WHAT YOU WILL DO: Report back every line below that carries the word "move".

(Dataset entries)
______________________________
(* Let $m,t,n$ be positive integers with $mt<n\le 2^m$, let $\alpha=(\alpha_1,\dots,\alpha_n)\in\mathbb{F}_{2^m}^n$ be a support tuple, and for $p\in\mathbb{F}_2^n$ with $0<\mathrm{wt}(p)\le t$, $d\in\mathbb{N}$ with $d<t$ and $\varepsilon\in\mathbb{F}_{2^m}$, let $\tilde p\in\mathbb{F}_2^n$ be defined by $\tilde p_k=1$ if and only if $\varepsilon\alpha_k^d+\prod_{l\in I_p}(\alpha_k-\alpha_l)=0$. (a) Suppose $d=0$ and $p=e^{(i_1)}+e^{(i_2)}$ with $i_1\neq i_2$, and suppose $\mathrm{wt}(\tilde p)=2$, say $I_{\tilde p}=\{j_1,j_2\}$. Then $\alpha_{i_1}+\alpha_{i_2}=\alpha_{j_1}+\alpha_{j_2}$. (b) Suppose $d=2$ and $p=e^{(i)}$ for some $i\in\{1,\dots,n\}$, and suppose $\mathrm{wt}(\tilde p)=2$, say $I_{\tilde p}=\{j_1,j_2\}$. Then $\alpha_i\alpha_{j_1}+\alpha_i\alpha_{j_2}+\alpha_{j_1}\alpha_{j_2}=0$. If, additionally, $\alpha_i\neq 0$, then $\alpha_{j_1}\neq 0$ and $\alpha_{j_2}\neq 0$.
   Context: $\mathbb{F}_{2^m}$ denotes the finite field with $2^m$ elements. A support tuple is a tuple $\alpha\in\mathbb{F}_{2^m}^n$ with pairwise distinct entries. For $c\in\mathbb{F}_2^n$, $I_c=\{i\mid c_i=1\}$ and $\mathrm{wt}(c)=\#I_c$. $e^{(i)}$ denotes the $i$-th standard basis vector of $\mathbb{F}_2^n$. The vector $\tilde p$ is the output of decoding with the faulty error-locator polynomial $\varepsilon x^d+\prod_{l\in I_p}(x-\alpha_l)$ (its zeros among the $\alpha_k$). *)

From HB Require Import structures.
From mathcomp Require Import all_boot all_order all_algebra all_field.
Set Implicit Arguments. Unset Strict Implicit. Unset Printing Implicit Defensive.
Import GRing.Theory.
Local Open Scope ring_scope.

(* Binary vectors c in F_2^n are row vectors 'rV['F_2]_n; indices are 'I_n
   (0-based instead of 1-based). *)

Definition supp n (c : 'rV['F_2]_n) : {set 'I_n} := [set i | c 0 i == 1].

Definition wt n (c : 'rV['F_2]_n) : nat := #|supp c|.

Definition ebase n (i : 'I_n) : 'rV['F_2]_n := delta_mx 0 i.

Definition support_tuple (F : finFieldType) n (alpha : 'I_n -> F) : Prop :=
  injective alpha.

Definition ptilde (F : finFieldType) n (alpha : 'I_n -> F)
    (p : 'rV['F_2]_n) (d : nat) (eps : F) : 'rV['F_2]_n :=
  \row_k (if eps * alpha k ^+ d + \prod_(l in supp p) (alpha k - alpha l) == 0
          then 1 else 0).

(* Both parts are Vieta's formulas.  The faulty error locator is a quadratic
   polynomial, (x - a1)(x - a2) + eps in (a) and eps x^2 + (x - a) in (b), and
   ptilde lists its zeros among the distinct alpha_k; when there are exactly two
   of them, the difference of the two root equations factors through
   alpha_j1 - alpha_j2 <> 0, which yields the sum (and, in (b), the product) of
   the roots.  Characteristic 2 turns r1 r2 = a (r1 + r2) into the claimed
   symmetric relation. *)

From HB Require Import structures.
From mathcomp Require Import all_boot all_order all_algebra all_field.
From mathcomp Require Import ring.
Set Implicit Arguments. Unset Strict Implicit. Unset Printing Implicit Defensive.
Import GRing.Theory.
Local Open Scope ring_scope.

Lemma distinct_roots_sumE (R : idomainType) (a1 a2 c r1 r2 : R) :
  r1 != r2 ->
  c + (r1 - a1) * (r1 - a2) = 0 -> c + (r2 - a1) * (r2 - a2) = 0 ->
  r1 + r2 = a1 + a2.
Proof.
move=> neq_r root1 root2.
have : (r1 - r2) * (r1 + r2 - (a1 + a2)) = 0.
  have -> : (r1 - r2) * (r1 + r2 - (a1 + a2)) =
            (c + (r1 - a1) * (r1 - a2)) - (c + (r2 - a1) * (r2 - a2)) by ring.
  by rewrite root1 root2 subrr.
by move/eqP; rewrite mulf_eq0 subr_eq0 (negbTE neq_r) subr_eq0 => /eqP.
Qed.

Lemma distinct_roots_mulE (R : idomainType) (e a r1 r2 : R) :
  r1 != r2 ->
  e * r1 ^+ 2 + (r1 - a) = 0 -> e * r2 ^+ 2 + (r2 - a) = 0 ->
  r1 * r2 = a * (r1 + r2).
Proof.
move=> neq_r root1 root2.
have sum_roots : e * (r1 + r2) + 1 = 0.
  have : (r1 - r2) * (e * (r1 + r2) + 1) = 0.
    have -> : (r1 - r2) * (e * (r1 + r2) + 1) =
              (e * r1 ^+ 2 + (r1 - a)) - (e * r2 ^+ 2 + (r2 - a)) by ring.
    by rewrite root1 root2 subrr.
  by move/eqP; rewrite mulf_eq0 subr_eq0 (negbTE neq_r) => /eqP.
apply/eqP; rewrite -subr_eq0; apply/eqP.
have -> : r1 * r2 - a * (r1 + r2) =
          r2 * (e * r1 ^+ 2 + (r1 - a)) + r1 * (e * r2 ^+ 2 + (r2 - a))
          - r1 * r2 * (e * (r1 + r2) + 1) by ring.
by rewrite root1 root2 sum_roots !mulr0 addr0 subr0.
Qed.

Lemma root_neq0 (R : idomainType) (e a r : R) :
  e * r ^+ 2 + (r - a) = 0 -> a != 0 -> r != 0.
Proof.
move=> root a_neq0; apply: contra_eq_neq root => ->.
by rewrite expr0n mulr0 add0r sub0r oppr_eq0.
Qed.

Lemma supp_ebase n (i : 'I_n) : supp (ebase i) = [set i].
Proof.
by apply/setP => k; rewrite !inE mxE eqxx /= eq_sym; case: (k == i).
Qed.

Lemma supp_ebaseD n (i1 i2 : 'I_n) :
  i1 != i2 -> supp (ebase i1 + ebase i2) = [set i1; i2].
Proof.
move=> neq_i; apply/setP => k; rewrite !inE !mxE eqxx /=.
case: (eqVneq k i1) => [->|_] /=; first by rewrite (negbTE neq_i).
by rewrite add0r; case: (k == i2).
Qed.

Lemma wt2_supp_neq n (c : 'rV['F_2]_n) (j1 j2 : 'I_n) :
  wt c = 2%N -> supp c = [set j1; j2] -> j1 != j2.
Proof. by rewrite /wt => + supp_c; rewrite supp_c cards2; case: (j1 != j2). Qed.

Section FaultyLocator.

Variables (F : finFieldType) (n : nat) (alpha : 'I_n -> F).
Hypothesis alpha_inj : support_tuple alpha.

Lemma mem_supp_ptilde p d eps k :
  (k \in supp (ptilde alpha p d eps)) =
  (eps * alpha k ^+ d + \prod_(l in supp p) (alpha k - alpha l) == 0).
Proof. by rewrite inE mxE; case: (_ == 0). Qed.

Lemma ptilde_pair_sumE (eps : F) (i1 i2 j1 j2 : 'I_n) :
  i1 != i2 -> j1 != j2 ->
  supp (ptilde alpha (ebase i1 + ebase i2) 0 eps) = [set j1; j2] ->
  alpha i1 + alpha i2 = alpha j1 + alpha j2.
Proof.
move=> neq_i neq_j supp_pt.
have root j : j \in [set j1; j2] ->
    eps + (alpha j - alpha i1) * (alpha j - alpha i2) = 0.
  rewrite -supp_pt mem_supp_ptilde supp_ebaseD // expr0 mulr1.
  by rewrite big_setU1 ?inE // big_set1 => /eqP.
have root1 := root j1 (setU11 _ _); have root2 := root j2 (setU1r _ (set11 _)).
by rewrite (distinct_roots_sumE _ root1 root2) // (inj_eq alpha_inj).
Qed.

Lemma ptilde_single_mulE (eps : F) (i j1 j2 : 'I_n) :
  j1 != j2 ->
  supp (ptilde alpha (ebase i) 2 eps) = [set j1; j2] ->
  [/\ alpha j1 * alpha j2 = alpha i * (alpha j1 + alpha j2),
      alpha i != 0 -> alpha j1 != 0 & alpha i != 0 -> alpha j2 != 0].
Proof.
move=> neq_j supp_pt.
have root j : j \in [set j1; j2] -> eps * alpha j ^+ 2 + (alpha j - alpha i) = 0.
  by rewrite -supp_pt mem_supp_ptilde supp_ebase big_set1 => /eqP.
have root1 := root j1 (setU11 _ _); have root2 := root j2 (setU1r _ (set11 _)).
split; [|exact: root_neq0 root1|exact: root_neq0 root2].
by apply: distinct_roots_mulE root1 root2; rewrite (inj_eq alpha_inj).
Qed.

End FaultyLocator.

Theorem proposition5p2 (m t n : nat) (F : finFieldType)
    (alpha : 'I_n -> F) (p : 'rV['F_2]_n) (d : nat) (eps : F) :
  (0 < m)%N -> (0 < t)%N -> (0 < n)%N ->
  (m * t < n)%N -> (n <= 2 ^ m)%N ->
  #|F| = (2 ^ m)%N ->
  support_tuple alpha ->
  (0 < wt p)%N -> (wt p <= t)%N ->
  (d < t)%N ->
  (* (a) *)
  (forall (i1 i2 j1 j2 : 'I_n),
      d = 0%N -> p = ebase i1 + ebase i2 -> i1 != i2 ->
      wt (ptilde alpha p d eps) = 2%N ->
      supp (ptilde alpha p d eps) = [set j1; j2] ->
      alpha i1 + alpha i2 = alpha j1 + alpha j2)
  /\
  (* (b) *)
  (forall (i j1 j2 : 'I_n),
      d = 2%N -> p = ebase i ->
      wt (ptilde alpha p d eps) = 2%N ->
      supp (ptilde alpha p d eps) = [set j1; j2] ->
      alpha i * alpha j1 + alpha i * alpha j2 + alpha j1 * alpha j2 = 0
      /\ (alpha i != 0 -> alpha j1 != 0 /\ alpha j2 != 0)).
Proof.
move=> _ _ _ _ _ cardF alpha_inj _ _ _.
have char2F : 2 \in [pchar F] by apply: card_finPcharP cardF _.
split=> [i1 i2 j1 j2 -> -> neq_i wt2 supp_pt | i j1 j2 -> -> wt2 supp_pt].
  exact: (ptilde_pair_sumE alpha_inj neq_i (wt2_supp_neq wt2 supp_pt) supp_pt).
have [mulE nz1 nz2] :=
  ptilde_single_mulE alpha_inj (wt2_supp_neq wt2 supp_pt) supp_pt.
split=> [|ai_neq0]; last by split; [exact: nz1 | exact: nz2].
by rewrite -mulrDr mulE addrr_pchar2.
Qed.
______________________________
EXERCISE RESPONSE:
move=> neq_r root1 root2.
by move/eqP; rewrite mulf_eq0 subr_eq0 (negbTE neq_r) subr_eq0 => /eqP.
move=> neq_r root1 root2.
  by move/eqP; rewrite mulf_eq0 subr_eq0 (negbTE neq_r) => /eqP.
move=> root a_neq0; apply: contra_eq_neq root => ->.
move=> neq_i; apply/setP => k; rewrite !inE !mxE eqxx /=.
move=> neq_i neq_j supp_pt.
move=> neq_j supp_pt.
move=> _ _ _ _ _ cardF alpha_inj _ _ _.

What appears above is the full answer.